Rezension zu:

Gerhard Streminger, David Hume: Sein Leben und sein Werk.
Paderborn, München, Wien, Zurich: Ferdinand Schöningh,1994, 714 pp.

Bulletin of the Hume Society, Fall 1994, Vol. XXIII, No. 2, S. 3

reviewed by Annette Baier

Author, publisher, and the Humboldt-Stiftung who subsidized the research for and the publication of this splendid book, have occasion for pride, and the rest of us, especially those who can read German, occasion for rejoicing. In particular the Hume Society should rejoice in a likely influx of German-speaking new members, for Streminger’s book introduces the reader to Hume in such a way that they, like those who met Hume in his lifetime, will, whatever their preconceptions, come to be very fond of him. Streminger himself obviously is. We in the Hume Society know him as the author of several English articles about Hume, some in Hume Studies. He teaches at the University of Graz, Austria, and in 1981 co-authored, with Ernst Topitsch, a slim little book on Hume, in which Topitsch provided the chapter on religion. Now we have Streminger’s own big fat book on Hume, and he says plenty about religion.

Even those who do not read much German (and Streminger’s German seems unusually lucid) may want this book on their shelves, if for no other reason than for its splendid illustrations. There are 16 color plates, including fine reproductions not just of four Hume portraits but also Ramsay’s of Hutcheson and Raeburn’s of Robertson, Blair, and Ferguson. And there are color plates of a painting of the battle of Culloden and of Riddle’s Close (both from "Sammlung Streminger") and of M. B. Olivier’s "Tea in the English Manner" (from the Louvre). In addition there are 39 black and white reproductions of all sorts of interesting things. (I especially appreciated the engravings of Cologne, Nurnburg, Frankfurt, Turin, more or less as Hume saw them as military secretary.)

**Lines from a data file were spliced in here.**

(* linear endomorphisms of l, as matrices D j i (coefficient of x_j in D x_i) *)
Definition lapp (D : lidx n -> lidx n -> R) (x : lvec) : lvec := fun j =>
  \sum_(i : lidx n) D j i * x i.

Definition is_derivation (D : lidx n -> lidx n -> R) : Prop :=
  forall x y s, lapp D (lbr x y) s = lbr (lapp D x) y s + lbr x (lapp D y) s.

(* Solvsoliton: Ric = lambda Id + D with D a derivation, where the Ricci
   endomorphism Ric is defined by g(Ric X, Y) = ric(X, Y). *)
Definition is_solvsoliton (Gam : lidx n -> lidx n -> lvec) : Prop :=
  exists (lam : R) (D : lidx n -> lidx n -> R),
    is_derivation D /\
    forall x y, ricci Gam x y = gm (fun s => lam * x s + lapp D x s) y.

End LieAlg.

From mathcomp Require Import all_boot all_order all_algebra.
From mathcomp Require Import ring lra zify.
Set Implicit Arguments. Unset Strict Implicit. Unset Printing Implicit Defensive.
Import Order.TTheory GRing.Theory Num.Theory.
Local Open Scope ring_scope.

(* The Levi-Civita connection is given by the Koszul formula, raising indices
   with the explicit inverse of the Gram matrix (diagonal except for a 2x2 block
   on B^I_1, Z).  Since e_0 and e_1 are orthogonal to all other basis vectors,
   ric = lam Id + D forces ric(e_k,e_k) = (lam + D(e_k,e_k)) g(e_k,e_k) for
   k = 0, 1.  Applying the derivation rule to [B^R_1, e_0] = -e_1 and
   [B^R_1, e_1] = -e_0 gives D(e_1,e_1) = D(B^R_1,B^R_1) + D(e_0,e_0) and the
   symmetric identity, so D(e_0,e_0) = D(e_1,e_1) and ric(e_k,e_k)/g(e_k,e_k)
   would not depend on k.  But a direct computation gives
     ric(e_0,e_0) = (n-1) c/rho^2 - (rho+c)/(2(rho+2c)^2),
     ric(e_1,e_1) = -(rho+3c)/(2 rho (rho+2c)),
   and the two normalised values differ by a positive multiple of c. *)

Section OrdinalSums.
Variable R : realFieldType.

Lemma sum_only2 (I : finType) (F : I -> R) a b : a != b ->
  (forall k, k != a -> k != b -> F k = 0) -> \sum_k F k = F a + F b.
Proof.
move=> ab Fab; rewrite (bigD1 a) // (bigD1 b) 1?eq_sym //= big1 ?addr0 ?addrA //.
by move=> k /andP[]; apply: Fab.
Qed.

Lemma sum_ord_eq p t (V : R) :
  \sum_(k < p) (if k == t :> nat then V else 0) = if (t < p)%N then V else 0.
Proof.
rewrite -big_mkcond /=; case: ltnP => [tp | pt].
  by rewrite (big_pred1 (Ordinal tp)).
by rewrite big_pred0 // => k; rewrite ltn_eqF // (leq_trans (ltn_ord k) pt).
Qed.

Lemma sum_ord_succ_eq p t (V : R) :
  \sum_(k < p) (if t == k.+1 :> nat then V else 0) = if (0 < t <= p)%N then V else 0.
Proof.
case: t => [|t]; first by rewrite big1_eq.
by under eq_bigr do rewrite eqSS eq_sym; rewrite sum_ord_eq.
Qed.

Lemma sum_ord_pos p (B C : R) :
  \sum_(k < p.+1) (if (0 < k)%N then B else C) = C + B *+ p.
Proof. by rewrite big_ord_recl /= sumr_const card_ord. Qed.

End OrdinalSums.

Section BasisCalculus.
Variables (R : realFieldType) (n : nat).
Implicit Types (x y : lvec R n) (i j k l t : lidx n).
Implicit Types (Gam : lidx n -> lidx n -> lvec R n) (D : lidx n -> lidx n -> R).

Lemma sum_evl t (F : lidx n -> R) : \sum_i ev R t i * F i = F t.
Proof.
by rewrite (big_only1 t) // /ev ?eqxx ?mul1r // => i /negPf -> _; rewrite mul0r.
Qed.

Lemma sum_evr t (F : lidx n -> R) : \sum_i F i * ev R t i = F t.
Proof. by rewrite -[RHS](sum_evl t); apply: eq_bigr => i _; rewrite mulrC. Qed.

Lemma lbr_evl i y s : lbr (ev R i) y s = \sum_j y j * lbrb R i j s.
Proof.
rewrite /lbr -(sum_evl i (fun i => \sum_j y j * lbrb R i j s)).
by apply: eq_bigr => i' _; rewrite mulr_sumr; apply: eq_bigr => j _; rewrite mulrA.
Qed.

Lemma lbr_evr x j s : lbr x (ev R j) s = \sum_i x i * lbrb R i j s.
Proof.
apply: eq_bigr => i _; rewrite -(sum_evr j (fun j => x i * lbrb R i j s)).
by apply: eq_bigr => j' _; rewrite mulrAC.
Qed.

Lemma lbr_ev i j s : lbr (ev R i) (ev R j) s = lbrb R i j s.
Proof. by rewrite lbr_evl sum_evl. Qed.

Lemma lbrbN i j s : lbrb R j i s = - lbrb R i j s.
Proof. by rewrite /lbrb opprB. Qed.

Lemma nab_evl Gam i y s : nab Gam (ev R i) y s = \sum_j y j * Gam i j s.
Proof.
rewrite /nab -(sum_evl i (fun i => \sum_j y j * Gam i j s)).
by apply: eq_bigr => i' _; rewrite mulr_sumr; apply: eq_bigr => j _; rewrite mulrA.
Qed.

Lemma nab_evr Gam x j s : nab Gam x (ev R j) s = \sum_i x i * Gam i j s.
Proof.
apply: eq_bigr => i _; rewrite -(sum_evr j (fun j => x i * Gam i j s)).
by apply: eq_bigr => j' _; rewrite mulrAC.
Qed.

Lemma nab_ev Gam i j s : nab Gam (ev R i) (ev R j) s = Gam i j s.
Proof. by rewrite nab_evl sum_evl. Qed.

Definition ricci_term Gam i j k l : R :=
  Gam i j l * Gam k l k - Gam k j l * Gam i l k - lbrb R k i l * Gam l j k.

Lemma ricci_ev Gam i j :
  ricci Gam (ev R i) (ev R j) = \sum_k \sum_l ricci_term Gam i j k l.
Proof.
rewrite /ricci; apply: eq_bigr => k _; rewrite /curv !nab_evl nab_evr -!sumrB.
by apply: eq_bigr => l _; rewrite !nab_ev lbr_ev.
Qed.

Lemma derivation_lbrb D : is_derivation D -> forall i j s,
  \sum_t D s t * lbrb R i j t =
  \sum_t D t i * lbrb R t j s + \sum_t D t j * lbrb R i t s.
Proof.
move=> Dder i j s.
have -> : \sum_t D s t * lbrb R i j t = lapp D (lbr (ev R i) (ev R j)) s.
  by apply: eq_bigr => t _; rewrite lbr_ev.
rewrite Dder lbr_evr lbr_evl.
by congr (_ + _); apply: eq_bigr => t _; rewrite /lapp sum_evr.
Qed.

End BasisCalculus.

Lemma gb_sym (R : realFieldType) (n : nat) (rho c : R) (i j : lidx n) :
  gb rho c i j = gb rho c j i.
Proof.
by case: i => [[a|a]|[[a|a]|[]]]; case: j => [[b|b]|[[b|b]|[]]] //=;
  rewrite 1?[val b == _]eq_sym; case: eqP => // ->.
Qed.

Section LeviCivita.
Variables (R : realFieldType) (n : nat) (rho c : R).
Variable ginv : lidx n -> lidx n -> R.
Hypothesis ginv_sym : forall i j, ginv i j = ginv j i.
Hypothesis ginvK : forall i j, \sum_k ginv i k * gb rho c k j = (i == j)%:R.
Implicit Types (x y z : lvec R n) (i j k t : lidx n).

Definition lower x k : R := gm rho c x (ev R k).
Definition raise (w : lidx n -> R) : lvec R n := fun s => \sum_k ginv s k * w k.

Definition koszul i j k : R :=
  (lower (lbrb R i j) k - lower (lbrb R j k) i + lower (lbrb R k i) j) / 2.

Definition christoffel i j : lvec R n := raise (koszul i j).

Lemma lowerE x k : lower x k = \sum_t x t * gb rho c t k.
Proof.
apply: eq_bigr => t _; rewrite -(sum_evr k (fun j => x t * gb rho c t j)).
by apply: eq_bigr => j _; rewrite mulrAC.
Qed.

Lemma gmE x y : gm rho c x y = \sum_t y t * lower x t.
Proof.
rewrite /gm exchange_big; apply: eq_bigr => t _; rewrite lowerE mulr_sumr.
by apply: eq_bigr => s _; rewrite mulrCA mulrA.
Qed.

Lemma gmC x y : gm rho c x y = gm rho c y x.
Proof.
rewrite /gm exchange_big; apply: eq_bigr => i _; apply: eq_bigr => j _.
by rewrite gb_sym [x _ * _]mulrC.
Qed.

Lemma lower_eq x y k : (forall s, x s = y s) -> lower x k = lower y k.
Proof. by move=> xy; rewrite !lowerE; apply: eq_bigr => t _; rewrite xy. Qed.

Lemma lower_lbrbN i j k : lower (lbrb R j i) k = - lower (lbrb R i j) k.
Proof.
by rewrite !lowerE -sumrN; apply: eq_bigr => t _; rewrite lbrbN mulNr.
Qed.

Lemma lower_raise w k : lower (raise w) k = w k.
Proof.
rewrite lowerE -[RHS](sum_evl k w); under eq_bigr do rewrite mulr_suml.
rewrite exchange_big; apply: eq_bigr => l _; rewrite /ev -ginvK mulr_suml.
by apply: eq_bigr => t _; rewrite ginv_sym mulrAC.
Qed.

Lemma raise_lower x s : raise (lower x) s = x s.
Proof.
rewrite -[RHS](sum_evl s x) /raise; under eq_bigr do rewrite lowerE mulr_sumr.
rewrite exchange_big; apply: eq_bigr => t _; rewrite /ev eq_sym -ginvK mulr_suml.
by apply: eq_bigr => k _; rewrite [gb _ _ t k]gb_sym mulrA mulrAC.
Qed.

Lemma lower_nab Gam x y k :
  lower (nab Gam x y) k = \sum_i \sum_j x i * y j * lower (Gam i j) k.
Proof.
rewrite lowerE; under eq_bigr do rewrite mulr_suml.
rewrite exchange_big; apply: eq_bigr => i _; under eq_bigr do rewrite mulr_suml.
rewrite exchange_big; apply: eq_bigr => j _; rewrite lowerE mulr_sumr.
by apply: eq_bigr => s _; rewrite mulrA.
Qed.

So is this just a more lavishly illustrated German version of Mossner? No. Although of course indebted to Mossner’s book (and often echoing his chapter headings and subheadings), it goes beyond it in several ways. First, there is an attempt to give summaries of absolutely all Hume’s publications, all the essays, one by one, and the History, volume by volume. (The summaries are, naturally enough, uneven in quality. I found the summary of Treatise Bk. III positively misleading on the natural virtues.) Secondly, Streminger has found a hitherto unnoticed Hume publication, a 1768 review in French of Horace Walpole’s book, Historical Doubts, in a journal edited by Edward Gibbon, who may have had some input into the review. Since it is Gibbon who refers to Hume as the author, and since Walpole had attacked Hume’s treatment of Richard III, in The History of England, we have here a rare case of Hume publishing a reply to a critic. Thirdly, and most importantly, Streminger goes into more depth than Mossner in describing the cultural context of Hume’s thought, in particular the climate of religious opinion and sentiment in Britain. Not just John Knox and the Whole Duty of Man, but sermons given at Chirnside are quoted verbatim, and, among Hume attackers, Wesley as well as Warburton are given close attention. This book presents Hume not just in his setting in intellectual history, but in a broader cultural setting, and treats him as a cultural reformer, as well as a deep thinker.

Would that we had such a book in English! Would that someone translate it forthwith! Would that some wealthy and wise foundation and some painstaking publisher bring out an English version as handsome as the original! Meanwhile, bravo Gerhard Streminger! And bravo the Schöningh-Verlag! And bravo the Humboldt-Stiftung! Scholars are bound to find small inaccuracies, as they always do, and readers of Hume will query, as I do myself, the emphasis in some of the summaries. But Streminger’s is a huge achievement, and his book is bound to be influential.